- ACTION ITEM -
Please copy, with no word changed, only the run of lines that opens with the line containing "[a = pi]; [tangent_frame" and closes with the last line below.

- DATA SHOWN -
(* Let $X$ be a germ of holomorphic vector field at $(\mathbb{C}^n,0)$ with an isolated singularity at $0$, $\mathcal{F}=\mathcal{F}^X$, and $V\in\mathrm{Sep}_0(\mathcal{F})$. Then $\mathrm{in}(X)|_{C(V,0)}\not\equiv 0$ if and only if $\nu(\mathcal{F},0)=1+r_V(\mathcal{F})$.
   Context: For $X=\sum_i f_i\partial/\partial z_i$ with $\gcd(f_i)=1$, $\nu(\mathcal{F},0)=\min_i\mathrm{ord}_0 f_i$, and $\mathrm{in}(X)$ is the initial part of $X$, i.e. the homogeneous part of degree $\nu(\mathcal{F},0)$ of $X$ (a vector field with homogeneous polynomial coefficients). $C(V,0)$ is the tangent cone of $V$ at $0$. $\mathrm{Sep}_0(\mathcal{F})$ is the set of irreducible germs of complex analytic curves at $0$ invariant by $X$. For $V\in\mathrm{Sep}_0(\mathcal{F})$ with Puiseux parametrization $\alpha$, there is a unique holomorphic $g$ with $X\circ\alpha(t)=g(t)\alpha'(t)$, and $\mathrm{ind}_0(\mathcal{F}|_V)=\mathrm{ord}_0 g$. $m(V,0)$ is the multiplicity of $V$ at $0$, and $r_V(\mathcal{F})=\frac{\mathrm{ind}_0(\mathcal{F}|_V)-1}{m(V,0)}$. *)

(* complex numbers C = R[i] for R : realType (mathcomp-real-closed),
   germs represented by convergent power series (coefficient functions). *)
From HB Require Import structures.
From mathcomp Require Import all_boot all_order all_algebra.
From mathcomp Require Import reals complex.
From Stdlib Require Import ClassicalEpsilon.
Set Implicit Arguments. Unset Strict Implicit. Unset Printing Implicit Defensive.
Import Order.TTheory GRing.Theory Num.Theory.
Local Open Scope ring_scope.

Section Germs.
Variable R : realType.
Local Notation C := R[i].

Definition ps1 := nat -> C.
Definition mi (n : nat) := {ffun 'I_n -> nat}.
Definition psn (n : nat) := mi n -> C.
Definition mdeg n (b : mi n) : nat := (\sum_(i < n) b i)%N.
Definition mi_of n N (b : {ffun 'I_n -> 'I_N.+1}) : mi n := [ffun i => nat_of_ord (b i)].
Definition mi0 n : mi n := [ffun => 0%N].
Definition mon n (b : mi n) (z : 'I_n -> C) : C := \prod_(i < n) z i ^+ b i.

Definition conv1 (a : ps1) : Prop :=
  exists r : C, 0 < r /\ exists M : C, forall N,
    \sum_(k < N.+1) `|a k| * r ^+ k <= M.
Definition convn n (f : psn n) : Prop :=
  exists r : C, 0 < r /\ exists M : C, forall N,
    \sum_(b : {ffun 'I_n -> 'I_N.+1}) `|f (mi_of b)| * r ^+ mdeg (mi_of b) <= M.

Definition cvg_to (u : nat -> C) (L : C) : Prop :=
  forall e : C, 0 < e -> exists N, forall k, (N <= k)%N -> `|u k - L| < e.
Definition sum1 (a : ps1) (t : C) (L : C) : Prop :=
  cvg_to (fun N => \sum_(k < N) a k * t ^+ k) L.
Definition sumn n (f : psn n) (z : 'I_n -> C) (L : C) : Prop :=
  cvg_to (fun N => \sum_(b : {ffun 'I_n -> 'I_N.+1}) f (mi_of b) * mon (mi_of b) z) L.

(* order at 0 of a one-variable series (0 for the zero series) *)
Definition ord1 (a : ps1) : nat :=
  match excluded_middle_informative (exists k, a k != 0) with
  | left P => ex_minn P
  | right _ => 0%N
  end.

Definition deriv1 (a : ps1) : ps1 := fun k => a k.+1 *+ k.+1.
Definition mul1 (a b : ps1) : ps1 := fun k => \sum_(j < k.+1) a j * b (k - j)%N.
(* composition f o alpha for alpha(0) = 0: coefficient of t^k *)
Definition trunc1 (a : ps1) (k : nat) : {poly C} := \poly_(j < k.+1) a j.
Definition pscomp n (f : psn n) (alpha : 'I_n -> ps1) : ps1 := fun k =>
  \sum_(b : {ffun 'I_n -> 'I_k.+1})
     f (mi_of b) * (\prod_(i < n) trunc1 (alpha i) k ^+ b i)`_k.

Definition holo_vf n (X : 'I_n -> psn n) : Prop := forall i, convn (X i).
Definition isolated_sing n (X : 'I_n -> psn n) : Prop :=
  (forall i, X i (mi0 n) = 0) /\
  exists rho : C, 0 < rho /\ forall z : 'I_n -> C, (forall i, `|z i| < rho) ->
     (forall i, sumn (X i) z 0) -> forall i, z i = 0.

Definition nu0_P n (X : 'I_n -> psn n) (k : nat) : bool :=
  [exists i, [exists b : {ffun 'I_n -> 'I_k.+1},
     (mdeg (mi_of b) == k) && (X i (mi_of b) != 0)]].
Definition nu0 n (X : 'I_n -> psn n) : nat :=
  match excluded_middle_informative (exists k, nu0_P X k) with
  | left P => ex_minn P
  | right _ => 0%N
  end.
Definition initX n (X : 'I_n -> psn n) (i : 'I_n) (w : 'I_n -> C) : C :=
  \sum_(b : {ffun 'I_n -> 'I_(nu0 X).+1} | mdeg (mi_of b) == nu0 X)
     X i (mi_of b) * mon (mi_of b) w.

(* Puiseux parametrization alpha : (C,0) -> (C^n,0): convergent, alpha(0)=0,
   injective on a small disc (normalization of the irreducible curve germ V) *)
Definition puiseux n (alpha : 'I_n -> ps1) : Prop :=
  (forall i, conv1 (alpha i)) /\ (forall i, alpha i 0%N = 0) /\
  exists eps : C, 0 < eps /\ forall (s t : C) (x y : 'I_n -> C),
    `|s| < eps -> `|t| < eps ->
    (forall i, sum1 (alpha i) s (x i)) -> (forall i, sum1 (alpha i) t (y i)) ->
    (forall i, x i = y i) -> s = t.

Definition multV n (alpha : 'I_n -> ps1) : nat :=
  match excluded_middle_informative (exists k, [exists i, alpha i k != 0]) with
  | left P => ex_minn P
  | right _ => 0%N
  end.

Definition tcone n (alpha : 'I_n -> ps1) (w : 'I_n -> C) : Prop :=
  exists (t : nat -> C) (lam : nat -> C) (x : nat -> 'I_n -> C),
    cvg_to t 0 /\ (forall k i, sum1 (alpha i) (t k) (x k i)) /\
    forall i, cvg_to (fun k => lam k * x k i) (w i).

(* V = alpha(C,0) is invariant by X: X(alpha(t)) and alpha'(t) are parallel *)
Definition vf_invariant n (X : 'I_n -> psn n) (alpha : 'I_n -> ps1) : Prop :=
  forall i j k, mul1 (pscomp (X i) alpha) (deriv1 (alpha j)) k
              = mul1 (pscomp (X j) alpha) (deriv1 (alpha i)) k.

Definition index_fun n (X : 'I_n -> psn n) (alpha : 'I_n -> ps1) (g : ps1) : Prop :=
  conv1 g /\ forall i k, pscomp (X i) alpha k = mul1 g (deriv1 (alpha i)) k.

(* r_V(F) = (ind_0(F|_V) - 1) / m(V,0) *)
Definition rV n (alpha : 'I_n -> ps1) (g : ps1) : rat :=
  ((ord1 g)%:R - 1) / (multV alpha)%:R.

End Germs.

(* Let m = m(V,0), nu = nu(F,0) and let v = (alpha_i m)_i be the leading
   coefficients of the parametrization.  Along the curve, X o alpha vanishes
   to order at least m nu and its coefficient of t^(m nu) is in(X)(v).  On the
   other hand X o alpha = g alpha' vanishes to order exactly ord g + m - 1, as
   the coordinate i with alpha_i m <> 0 shows.  Finally C(V,0) is the line
   through v: writing alpha(t) = t^m q(t) with q(t) -> v, every limit w of
   lambda_k alpha(t_k) satisfies w_i v_j = w_j v_i.  Since in(X) is
   homogeneous, it vanishes identically on C(V,0) iff in(X)(v) = 0, and by the
   two order computations in(X)(v) <> 0 iff m nu = ord g + m - 1, that is
   nu = 1 + r_V. *)

From Pilot Require Import Defs.
From HB Require Import structures.
From mathcomp Require Import all_boot all_order all_algebra.
From mathcomp Require Import reals complex.
From mathcomp Require Import boolp classical_sets topology normedtype sequences.
From mathcomp Require Import ring lra zify.
From Stdlib Require Import ClassicalEpsilon.
Import Order.TTheory GRing.Theory Num.Theory.
Import numFieldTopology.Exports numFieldNormedType.Exports.
Set Implicit Arguments. Unset Strict Implicit. Unset Printing Implicit Defensive.
Local Open Scope ring_scope.
Local Open Scope classical_set_scope.
Lemma mulmx2E (T : pzSemiRingType) m n (A : 'M[T]_(m, 2)) (B : 'M[T]_(2, n)) i j :
  (A *m B) i j = A i 0 * B 0 j + A i 1 * B 1 j.
Proof.
rewrite mxE big_ord_recl big_ord1.
by congr (A i _ * B _ j + A i _ * B _ j); apply: val_inj.
Qed.

Lemma det2_col0_lower_bound (R : realFieldType) (M N : 'M[R]_2) (K K' : R) :
  0 < K -> 0 < K' -> \det M * \det N = 1 ->
  (forall i j, `|M i j| <= K) -> (forall i j, `|N i j| <= K') ->
  (K * (2 * K' ^+ 2))^-1 <= `|M 0 0| + `|M 1 0|.
Proof.
move=> K_gt0 K'_gt0 detMN M_le N_le.
have detN_le : `|\det N| <= 2 * K' ^+ 2.
  rewrite det_mx22 (le_trans (ler_normB _ _)) // !normrM expr2.
  have := ler_pM (normr_ge0 _) (normr_ge0 _) (N_le 0 0) (N_le 1 1).
  have := ler_pM (normr_ge0 _) (normr_ge0 _) (N_le 0 1) (N_le 1 0).
  lra.
have detM_le : `|\det M| <= (`|M 0 0| + `|M 1 0|) * K.
  rewrite det_mx22 (le_trans (ler_normB _ _)) // !normrM.
  have := ler_wpM2l (normr_ge0 (M 0 0)) (M_le 1 1).
  have := ler_wpM2r (normr_ge0 (M 1 0)) (M_le 0 1).
  lra.
have one_le : 1 <= (`|M 0 0| + `|M 1 0|) * K * (2 * K' ^+ 2).
  by rewrite -{1}detMN (le_trans (ler_norm _)) // normrM ler_pM.
have pos : 0 < K * (2 * K' ^+ 2) by rewrite !mulr_gt0 // exprn_gt0.
by rewrite -[_^-1]mul1r ler_pdivrMr // (mulrA _ K).
Qed.

Lemma polar_coords (R : realType) (x y : R) : 0 < `|x| + `|y| ->
  exists rho beta, [/\ 0 < rho, x = rho * cos beta & y = rho * sin beta].
Proof.
move=> xy_gt0; set rho := Num.sqrt (x ^+ 2 + y ^+ 2).
have sqr_gt0 : 0 < x ^+ 2 + y ^+ 2.
  rewrite -(real_normK (num_real x)) -(real_normK (num_real y)).
  move: xy_gt0 (normr_ge0 x) (normr_ge0 y); move: `|x| `|y| => X Y XY_gt0 X_ge0 Y_ge0.
  by have := mulr_gt0 XY_gt0 XY_gt0; nra.
have rho_gt0 : 0 < rho by rewrite sqrtr_gt0.
have rho2 : rho ^+ 2 = x ^+ 2 + y ^+ 2 by rewrite sqr_sqrtr // ltW.
set c := x / rho.
have c2 : 1 - c ^+ 2 = (y / rho) ^+ 2.
  by rewrite /c !expr_div_n rho2; field; rewrite gt_eqF.
have c_itv : -1 <= c <= 1.
  have : c ^+ 2 <= 1 by rewrite -subr_ge0 c2 sqr_ge0.
  by move=> ?; apply/andP; split; nra.
have sin_acos_c : sin (acos c) = `|y| / rho.
  by rewrite sin_acos // c2 sqrtr_sqr normrM [`|rho^-1|]ger0_norm // invr_ge0 ltW.
have cos_acos_c : cos (acos c) = c by rewrite acosK // in_itv /=.
exists rho, (if 0 <= y then acos c else - acos c); split => //.
  by case: ifP; rewrite ?cosN cos_acos_c /c mulrC divfK // gt_eqF.
case: ifPn => y_ge0; first by rewrite sin_acos_c ger0_norm // mulrC divfK // gt_eqF.
by rewrite sinN sin_acos_c ltr0_norm ?ltNge // mulrN mulrC divfK ?opprK // gt_eqF.
Qed.

Section TangentFrame.
Variable R : realType.

(* Spherical coordinates with poles (1, 0, 0) at [a = 0] and (-1, 0, 0) at
   [a = pi]; [tangent_frame a b] is an orthonormal basis of the tangent plane
   at [sphere_pt a b], defined also at the poles, where it rotates with [b]. *)
Definition sphere_pt (a b : R) : 'I_3 -> R :=
  fun i => nth 0 [:: cos a; sin a * cos b; sin a * sin b] i.

Definition tangent_frame (a b : R) : 'M[R]_(3, 2) := \matrix_(i < 3, k < 2)
  nth 0 (nth [::] [:: [:: sin a; 0]; [:: - (cos a * cos b); sin b];
                      [:: - (cos a * sin b); - cos b]] i) k.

- TASK ANSWER -
   [a = pi]; [tangent_frame a b] is an orthonormal basis of the tangent plane
   at [sphere_pt a b], defined also at the poles, where it rotates with [b]. *)
Definition sphere_pt (a b : R) : 'I_3 -> R :=
  fun i => nth 0 [:: cos a; sin a * cos b; sin a * sin b] i.

Definition tangent_frame (a b : R) : 'M[R]_(3, 2) := \matrix_(i < 3, k < 2)
  nth 0 (nth [::] [:: [:: sin a; 0]; [:: - (cos a * cos b); sin b];
                      [:: - (cos a * sin b); - cos b]] i) k.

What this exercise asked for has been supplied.